Theorem 1.1.11. Suppose $F : \mathbb{R}^d \to [0,1]$ satisfies (i) - (iv) given above. Then there is a unique probability measure $\mu$ on $(\mathbb{R}^d, \mathcal{R}^d)$ so that $\mu(A) = \Delta_A F$ for all finite rectangles.

(i) It is nondecreasing, i.e., if $x \le y$ (meaning $x_i \le y_i$ for all $i$) then $F(x) \le F(y)$

(ii) $F$ is right continuous, i.e., $\lim_{y \downarrow x} F(y) = F(x)$ (here $y \downarrow x$ means each $y_i\downarrow x_i$).

(iii) If $x_n \downarrow -\infty$, i.e., each coordinate does, then $F(x_n) \downarrow 0$. If $x_n \uparrow \infty$, i.e., each coordinate does, then $F(x_n) \uparrow 1$.

(iv) $\Delta_A F\ge 0$, where $\Delta_A F = \sum\limits_{v \in V} \text{sgn}(v)F(v)$ and $\text{sgn}(v) = (-1)^{\text{# of } a_i\text{'s in }v} $

where $A = (a_1,b_1] \times \cdots \times (a_d, b_d]$ and $V = \{a_1, b_1\} \times \cdots \times \{a_d, b_d\}$

For example, when $A = (a_1, b_1] \times (a_2 ,b_2]$, $\Delta_A F = F(b_1, b_2) - F(a_1, b_2) - F_1(b_1, a_2) + F_1(a_1, a_2)$.

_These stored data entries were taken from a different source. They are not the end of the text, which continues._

Lemma expand_det_col0 (R : comPzRingType) m (C : 'M[R]_m.+2) :
  (forall i : 'I_m.+2, (1 < i)%N -> C i 0 = 0) ->
  \det C = C 0 0 * \det (row' 0 (col' 0 C))
            - C (lift 0 0) 0 * \det (row' (lift 0 0) (col' 0 C)).
Proof.
move=> C_col0; rewrite (expand_det_col _ 0) !big_ord_recl big1 ?addr0; last first.
  by move=> i _; rewrite C_col0 ?mul0r.
by rewrite /cofactor !expr1 expr0 mul1r mulN1r mulrN.
Qed.

Section HessenbergClass.
Variables (R : realType) (s : R) (P : R -> Prop).

Lemma inG_mxsub m p (f g : 'I_p -> 'I_m) (B : 'M[R]_m) :
  (forall i j : 'I_p, (i : nat) = j.+1 -> (f i : nat) = (g j).+1) ->
  (forall i j : 'I_p, (j.+1 < i)%N -> ((g j).+1 < f i)%N) ->
  (forall i j : 'I_p, (i <= j)%N -> (f i <= g j)%N) ->
  inG s P B -> inG s P (mxsub f g B).
Proof.
move=> f_sub f_below f_diag hB i j; rewrite mxE.
have [B_sub [B_below B_diag]] := hB (f i) (g j).
split; [move/f_sub/B_sub | split; [move/f_below/B_below | move/f_diag/B_diag]] => //.
Qed.

Lemma inG_minor00 m (B : 'M[R]_m.+1) :
  inG s P B -> inG s P (row' 0 (col' 0 B)).
Proof.
have -> : row' 0 (col' 0 B) = mxsub (lift 0) (lift 0) B.
  by apply/matrixP => i j; rewrite !mxE.
by apply: inG_mxsub => i j; rewrite /= /bump; lia.
Qed.

Lemma inG_minor10 m (B : 'M[R]_m.+2) :
  inG s P B -> inG s P (row' (lift 0 0) (col' 0 B)).
Proof.
have -> : row' (lift 0 0) (col' 0 B) = mxsub (lift (lift 0 0)) (lift 0) B.
  by apply/matrixP => i j; rewrite !mxE.
by apply: inG_mxsub => i j; rewrite /= /bump; lia.
Qed.

Definition border_mx m x (B : 'M[R]_m) : 'M[R]_(1 + m) :=
  block_mx x%:M 0 (\col_i ((i == 0 :> nat)%:R * s)) B.

Lemma det_border_mx m x (B : 'M[R]_m) : \det (border_mx x B) = x * \det B.
Proof. by rewrite det_lblock det_scalar1. Qed.

Lemma inG_border_mx m x (B : 'M[R]_m) :
  P x -> P 0 -> inG s P B -> inG s P (border_mx x B).
Proof.
move=> Px P0 hB i j; rewrite /border_mx.
case: (split_ordP i) => i' ->; case: (split_ordP j) => j' ->.
- by rewrite block_mxEul !ord1 mxE mulr1n.
- by rewrite block_mxEur mxE !ord1.
- rewrite block_mxEdl mxE !ord1 /=.
  case: (i' == 0 :> nat) / eqP => [-> | ?]; rewrite ?mul1r ?mul0r;
    by (split; last split) => h //; exfalso; lia.
- rewrite block_mxEdr /= !add1n; have [B_sub [B_below B_diag]] := hB i' j'.
  by (split; last split) => [/succn_inj/B_sub | /B_below | /B_diag].
Qed.

Definition set_corner m (B : 'M[R]_m.+1) x : 'M[R]_m.+1 :=
  \matrix_(i, j) if (i == 0) && (j == 0) then x else B i j.

Lemma set_cornerK m (B : 'M[R]_m.+1) : set_corner B (B 0 0) = B.
Proof. by apply/matrixP => i j; rewrite mxE; case: andP => // -[/eqP-> /eqP->]. Qed.

Lemma col'0_set_corner m (B : 'M[R]_m.+1) x : col' 0 (set_corner B x) = col' 0 B.
Proof. by apply/matrixP => i j; rewrite !mxE andbF. Qed.

Lemma inG_set_corner m (B : 'M[R]_m.+1) x : P x -> inG s P B -> inG s P (set_corner B x).
Proof.
move=> Px hB i j; rewrite mxE; case: andP => [[/eqP-> /eqP->] | _]; last exact: hB.
by split=> // _.
Qed.

Lemma det_set_corner m (B : 'M[R]_m.+2) x : inG s P B ->
  \det (set_corner B x) = x * \det (row' 0 (col' 0 B)) - s * \det (row' (lift 0 0) (col' 0 B)).
Proof.
move=> hB; rewrite expand_det_col0 => [|i i_gt1].
  by have [sub _] := hB (lift 0 0) 0; rewrite !col'0_set_corner !mxE eqxx /= sub.
rewrite mxE andbT ifN; first by have [_ [-> //]] := hB i 0.
by apply: contraTN i_gt1 => /eqP->.
Qed.

Definition window n (A : 'M[R]_n) k m : 'M[R]_m :=
  \matrix_(i < m, j < m) entry A (i + k) (j + k).

Lemma HkE n (A : 'M[R]_n) k : Hk A k = \det (window A k (n.+1 - k)).
Proof.
rewrite /Hk; case: eqP => [->|//].
by move: (window _ _ _); rewrite subnn => W; rewrite det_mx00.
Qed.

Lemma window_minor00 n (A : 'M[R]_n) k m :
  row' 0 (col' 0 (window A k m.+1)) = window A k.+1 m.
Proof. by apply/matrixP => i j; rewrite !mxE !lift0 !addSnnS. Qed.

Lemma entry_succ n (A : 'M[R]_n) i j (lt_in : (i < n)%N) (lt_jn : (j < n)%N) :
  entry A i.+1 j.+1 = A (Ordinal lt_in) (Ordinal lt_jn).
Proof. by rewrite /entry !insubT. Qed.

Lemma inG_entry n (A : 'M[R]_n) i j :
  (0 < i)%N -> (i <= j)%N -> (j <= n)%N -> inG s P A -> P (entry A i j).
Proof.
case: i j => [|i] [|j] // _ le_ij lt_jn hA.
have lt_in : (i < n)%N by apply: leq_ltn_trans lt_jn.
have [_ [_ diag]] := hA (Ordinal lt_in) (Ordinal lt_jn).
by rewrite (entry_succ A lt_in lt_jn); apply: diag.
Qed.

Lemma inG_window n (A : 'M[R]_n) k m :
  (k + m <= n)%N -> inG s P A -> inG s P (window A k.+1 m).
Proof.
move=> le_kmn hA.
have lt_n (i : 'I_m) : (i + k < n)%N by rewrite addnC (leq_trans _ le_kmn) // ltn_add2l.
pose f i := Ordinal (lt_n i).
have -> : window A k.+1 m = mxsub f f A.
  by apply/matrixP => i j; rewrite !mxE !addnS entry_succ.
by apply: inG_mxsub hA => i j /=; lia.
Qed.

End HessenbergClass.

Local Notation hess s t := (inG s (fun y => 0 <= y <= t)).

Section Hessenberg.
Variables (R : realType) (s t : R).
Hypotheses (s_gt0 : 0 < s) (s_le_t : s <= t).

Let t_gt0 : 0 < t. Proof. exact: lt_le_trans s_le_t. Qed.

Lemma hess_entry_norm m (B : 'M[R]_m) i j : hess s t B -> `|B i j| <= t.
Proof.
move=> /(_ i j) [sub [below diag]].
case: (ltngtP i j.+1) => [/diag/andP[B_ge0 B_le]|/below->|/sub->].
- by rewrite ger0_norm.
- by rewrite normr0 ltW.
- by rewrite gtr0_norm.
Qed.

Lemma det_le_Mmax m (B : 'M[R]_m) : hess s t B -> `|\det B| <= Mmax s t m.
Proof.
move=> hB; rewrite /Mmax; case: eqP => [m0|_].
  by move: B {hB}; rewrite m0 => B; rewrite det_mx00 normr1.
apply: ub_le_sup; last by exists B.
exists (t ^+ m *+ m`!) => _ [C [hC ->]].
by apply: det_norm_le => i j; apply: hess_entry_norm.
Qed.


Lemma hess_exists m : exists B : 'M[R]_m, hess s t B.
Proof.
elim: m => [|m [B hB]]; first by exists 0 => -[].
by exists (border_mx s t B); apply: inG_border_mx; rewrite ?lexx ?ltW.
Qed.

Lemma mul_Mmax_le_succ m : t * Mmax s t m <= Mmax s t m.+1.
Proof.
have border_le (B : 'M[R]_m) : hess s t B -> t * `|\det B| <= Mmax s t m.+1.
  move=> hB; rewrite -[t in t * _](gtr0_norm t_gt0) -normrM -(det_border_mx s).
  by apply: (@det_le_Mmax m.+1); apply: inG_border_mx; rewrite ?lexx ?ltW.
case: m border_le => [|m] border_le.
  have hB0 : hess s t (0 : 'M[R]_0) by move=> -[].
  by have := border_le 0 hB0; rewrite det_mx00 normr1.
rewrite -ler_pdivlMl //; apply: ge_sup.
  by have [B hB] := hess_exists m.+1; exists `|\det B|, B.
by move=> _ [B [hB ->]]; rewrite ler_pdivlMl // border_le.
Qed.

Lemma hess_two_minor_bound m (B : 'M[R]_m.+1) a b : hess s t B ->
  -(s * t) <= a <= t ^+ 2 -> -(s * t) <= b <= t ^+ 2 ->
  `|a * \det B - b * s * \det (row' 0 (col' 0 B))|
    <= t ^+ 2 * Mmax s t m.+1 + t * s ^+ 2 * Mmax s t m.
Proof.
move=> hB ha hb; rewrite [b * s]mulrC.
have [_ [_ /(_ (leqnn 0))/andP[B00_ge0 B00_le]]] := hB 0 0.
case: m B hB B00_ge0 B00_le => [|m] B hB B00_ge0 B00_le.
  have Mmax0 : Mmax s t 0 = 1 by [].
  rewrite det_mx11 det_mx00 mulr1.
  have -> : a * B 0 0 - s * b = a * (B 0 0 * 1 - s * 0) - s * b * 1 by ring.
  apply: two_minor_bound;
    rewrite ?mul_Mmax_le_succ ?Mmax0 ?normr1 ?normr0 ?mulr1 ?mulr0 ?subr0 //.
    by rewrite -det_mx11 det_le_Mmax.
  by rewrite gtr0_norm // (le_trans _ (mul_Mmax_le_succ 0)) // Mmax0 mulr1.
set h := \det (row' 0 (col' 0 B)); set g := \det (row' (lift 0 0) (col' 0 B)).
have corner x : \det (set_corner B x) = x * h - s * g by exact: det_set_corner hB.
rewrite -[in \det B](set_cornerK B) corner.
apply: two_minor_bound => //; rewrite -?corner ?set_cornerK ?mul_Mmax_le_succ //.
- exact/det_le_Mmax/inG_minor00.
- exact/det_le_Mmax/inG_minor10.
- exact: det_le_Mmax.
- by apply/det_le_Mmax/inG_set_corner; rewrite // lexx ltW.
Qed.

End Hessenberg.

Theorem lemma3p2 (R : realType) (s t : R) (n : nat) (A : 'M[R]_n) :
  0 < s -> s <= t -> (3 <= n)%N ->
  inG s (fun y => 0 <= y <= t) A ->
  (forall k : nat, (2 <= k)%N -> (k <= n - 1)%N ->
     `| (entry A 1 1 * entry A 2 k - s * entry A 1 k) * Hk A k.+1
        - (entry A 1 1 * entry A 2 k.+1 - s * entry A 1 k.+1) * s * Hk A k.+2 |
     <= t ^+ 2 * Mmax s t (n - k) + t * s ^+ 2 * Mmax s t (n - k - 1))
  /\
  (~~ odd n ->
     `| (entry A 1 1 * entry A 2 n - s * entry A 1 n) * Hk A n.+1 |
     <= t ^+ 2 * Mmax s t 0).
Proof.
move=> s_gt0 s_le_t n_ge3 hA.
have coef_range k : (2 <= k)%N -> (k <= n)%N ->
    -(s * t) <= entry A 1 1 * entry A 2 k - s * entry A 1 k <= t ^+ 2.
  by move=> k_ge2 k_le; apply: mul_sub_range (ltW s_gt0) _ _ _;
    apply: inG_entry hA; lia.
split=> [k k_ge2 k_lt | _].
  have n_k : (n - k = (n - k.+1).+1)%N by lia.
  rewrite (HkE A k.+1) (HkE A k.+2) !subSS n_k subn1 /= -(window_minor00 A k.+1).
  apply: hess_two_minor_bound => //;
    [apply: inG_window hA | apply: coef_range | apply: coef_range]; lia.
have /andP[coef_ge coef_le] := coef_range n (ltnW n_ge3) (leqnn n).
rewrite /Hk eqxx /Mmax /= !mulr1 ler_norml coef_le andbT.
apply: le_trans coef_ge; rewrite lerN2 expr2 ler_wpM2r //.
exact/ltW/(lt_le_trans s_gt0 s_le_t).
Qed.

Here, I understand everything in the proof except for why this measure is a probability measure. Intuitively, I get it. However, I think we need to show that $F(b_1, b_2, \cdots, b_d) = \mu((-\infty, b_1] \times (-\infty, b_2] \times \cdots (-\infty, b_d])$ rigorously. Then we can use (iii) to prove $\mu(\mathbb{R}^d) = 1$. At least, in the proof, there is no explicit mention of why this is a probability measure. Any help would be very much appreciated!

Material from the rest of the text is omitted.